Unsanitary Conditions, Lax Security
Human rights workers across Latin America have also denounced unsanitary conditions, aggravated by overcrowding and a general lack of funds. The Venezuelan Prison Observatory, a nongovernmental organization in Caracas where prisoners’ family members hold strikes demanding better conditions, says education in prisons has improved but most promised reforms have been stymied by lack of money.
Venezuela spends $2 per inmate per day, compared with $34 in the US and $83 in Europe, the group said in its 2009 annual report. Inmates lack even potable water, the group said. And while the government cut the number of inmate murders by a third over two years, 1,000 of the country’s 33,000 prisoners were wounded or killed last year, the group said.
One of the problems is the scant number of guards when compared to the US, for example, where incarceration rates are among the highest in the world, says Wayne Pitts, a criminology professor at the University of Memphis who has studied prison conditions in Mexico, Nicaragua, Guatemala, and the Dominican Republic. It poses particular problems of control in preventive prison, where petty criminals, like the CD vendor in Santiago, are housed next to convicted drug traffickers and rapists. “Inmate-officer ratios in Latin America are a big problem,” he says.
That is what happened in Chile, where only four guards were patrolling the inside of the San Miguel prison, where 1,900 are housed. The Chilean Congress formed a committee this week to investigate the San Miguel fire and the president promised reform, including $460 million toward building new prisons and improving conditions. The government will “change the root, hopefully forever, of our penal system,” President Sebastian Piñera said this week.

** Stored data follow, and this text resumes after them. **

(* Under the hypotheses of Lemma C2 (Pauli-spanned Cartan decomposition $\mathfrak g=\mathfrak k\oplus\mathfrak m$; pairwise commuting Pauli strings $b_1,\dots,b_d\in\tilde{\mathfrak m}$ in one connected component of the frustration graph of $\mathfrak g$; $2\le r\le d$ with $\tilde{\mathfrak k}^{r-1}_{1\dots r-2}$ non-empty), if in addition $\tilde{\mathfrak k}^r_{1\dots r-2}$ is non-empty, then $|\tilde{\mathfrak k}^{r-1}_{1\dots r-2}|=|\tilde{\mathfrak k}^r_{1\dots r-2}|$; equivalently, $|\tilde{\mathfrak k}^{r-1}_{1\dots r-2,r}|=|\tilde{\mathfrak k}^r_{1\dots r-1}|$.
   Context: Pauli strings on $n$ qubits are tensor products of $I,X,Y,Z$, not all identity; two Pauli strings either commute or anticommute. A Pauli-spanned Cartan decomposition is $\mathfrak g=\mathfrak k\oplus\mathfrak m\subseteq\mathfrak{su}(2^n)$ with $\mathfrak k=\mathrm{span}_{i\mathbb R}\tilde{\mathfrak k}$, $\mathfrak m=\mathrm{span}_{i\mathbb R}\tilde{\mathfrak m}$, $\mathfrak g=\mathrm{span}_{i\mathbb R}\tilde{\mathfrak g}$ with $\tilde{\mathfrak g}=\tilde{\mathfrak k}\sqcup\tilde{\mathfrak m}$ the set of all Pauli strings (up to phase) $\sigma$ with $i\sigma\in\mathfrak g$, and $[\mathfrak k,\mathfrak k]\subseteq\mathfrak k$, $[\mathfrak m,\mathfrak m]\subseteq\mathfrak k$, $[\mathfrak k,\mathfrak m]\subseteq\mathfrak m$. The frustration graph of $\mathfrak g$ has vertex set $\tilde{\mathfrak g}$, with edges between anticommuting pairs. For disjoint index lists, $\tilde{\mathfrak k}^{i_1i_2\dots}_{j_1j_2\dots}$ is the set of $k\in\tilde{\mathfrak k}$ anticommuting with every $b_{i_p}$ and commuting with every $b_{j_q}$ (no condition on other indices). *)

From mathcomp Require Import all_boot.
Set Implicit Arguments. Unset Strict Implicit. Unset Printing Implicit Defensive.

(* Single-qubit Pauli letters up to phase, encoded in 'I_4:
   0 = I, 1 = X, 2 = Y, 3 = Z. *)
Definition pauli1 := 'I_4.

Definition anticomm1 (a b : pauli1) : bool :=
  [&& (val a != 0), (val b != 0) & (a != b)].

(* Product of single-qubit Paulis up to phase:  XY ~ Z, XZ ~ Y, YZ ~ X, PP = I. *)
Definition pmul1 (a b : pauli1) : pauli1 :=
  inord (if val a == 0 then val b else if val b == 0 then val a
         else if a == b then 0 else 6 - val a - val b).

Definition pstring (n : nat) := {ffun 'I_n -> pauli1}.

(* The all-identity string (not a Pauli string in the paper's sense). *)
Definition pid (n : nat) : pstring n := [ffun => ord0].

Definition anticomm n (s t : pstring n) : bool :=
  odd #|[set i | anticomm1 (s i) (t i)]|.

(* Product of Pauli strings up to phase (the commutator [s,t] of anticommuting
   strings is a nonzero multiple of this string). *)
Definition pmul n (s t : pstring n) : pstring n := [ffun i => pmul1 (s i) (t i)].

(* Pauli-spanned Cartan decomposition g = k (+) m, given by the Pauli sets
   Kt = k~ and Mt = m~ (disjoint, non-identity strings). Since the Pauli strings
   are linearly independent and [i s, i t] is 0 if s,t commute and a nonzero
   multiple of i (s t) otherwise, the bracket conditions on the i R-spans are
   exactly the following closure conditions. *)
Definition pauli_cartan n (Kt Mt : {set pstring n}) : Prop :=
  [/\ [disjoint Kt & Mt],
      (forall s, s \in Kt :|: Mt -> s != pid n),
      (forall s t, s \in Kt -> t \in Kt -> anticomm s t -> pmul s t \in Kt),
      (forall s t, s \in Mt -> t \in Mt -> anticomm s t -> pmul s t \in Kt) &
      (forall s t, s \in Kt -> t \in Mt -> anticomm s t -> pmul s t \in Mt)].

Definition frustration n (Kt Mt : {set pstring n}) : rel (pstring n) :=
  fun s t => [&& s \in Kt :|: Mt, t \in Kt :|: Mt & anticomm s t].

(* k~^{A}_{B}: elements of Kt anticommuting with every b_i (i in A) and
   commuting with every b_j (j in B). Indices are the paper's 1-based labels:
   the label of i : 'I_d is i.+1. *)
Definition ktil n d (Kt : {set pstring n}) (b : 'I_d -> pstring n)
    (A B : pred nat) : {set pstring n} :=
  [set k in Kt | [forall i : 'I_d, (i.+1 \in A) ==> anticomm k (b i)]
              && [forall i : 'I_d, (i.+1 \in B) ==> ~~ anticomm k (b i)]].

Definition upto (m : nat) : pred nat := fun j => (0 < j) && (j <= m).

From mathcomp Require Import all_boot.
Set Implicit Arguments. Unset Strict Implicit. Unset Printing Implicit Defensive.

(* Write u = b_(r-1), v = b_r and W = {b_1, ..., b_(r-2)}.  Given e in k~
   anticommuting with u and v and commuting with W, the product k = e u v lies
   in k~, and composing the transvections by e and by k gives a bijection of
   Pauli strings that preserves commutation, maps k~ into itself, fixes W and
   swaps u and v.  It carries each set on the left of the statement into the
   one on the right; the same construction with u and v exchanged gives the
   converse inequalities.
   Such an e exists by connectivity.  In a Lie-closed set, passing to the
   centralizer of one of its elements keeps two vertices connected provided
   each has a neighbour there; the given elements of k~^(r-1) and k~^r serve as
   neighbours of u and v, so u and v stay connected in the centralizer of W.
   There, a vertex anticommuting with v but not with u forces a vertex
   anticommuting with both, which lies in k~ or does after multiplication by u. *)

Lemma pauli1_ind (P : pauli1 -> Prop) :
  P (@Ordinal 4 0 isT) -> P (@Ordinal 4 1 isT) -> P (@Ordinal 4 2 isT) ->
  P (@Ordinal 4 3 isT) -> forall a, P a.
Proof.
by move=> P0 P1 P2 P3 [[|[|[|[|m]]]] lt_a4] //; rewrite (bool_irrelevance lt_a4 isT).
Qed.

‘We Need Alternatives to Incarceration’
His call comes as groups such as Human Rights Watch demand immediate reform to the system, in which the death rate from violence is rising, says Jose Maldonado, president of the National Penal Officers Association in Chile. Twenty guards have died on the job in the country in the past two decades, and 170 prisoners have suffered serious injuries this year.
But he is skeptical that profound change will arrive. “These 81 have revived consciousness today, but we don’t know if it’s just hype or if we’ll see a needed reform of the penal code,” says Mr. Maldonado. “We need alternatives to incarceration for crimes of negligence and less serious crimes.”
Ms. Vial agrees, but says those fighting for prison reform ultimately come up against tough-on-crime rhetoric. “The government doesn’t want to raise any questions about its public safety policies,” she says. “It’s not just an issue of resources. Not just about building more prisons or improving the ones that exist.
We also need to rationalize how we fill them. If there isn’t a policy making it possible to respond to minor crimes with alternatives to prison, it will be hard to have results.”
Even if the government does take steps, she says, it is a long road ahead. “It’s too big a ship to turn around quickly. … It can’t be solved all at once.”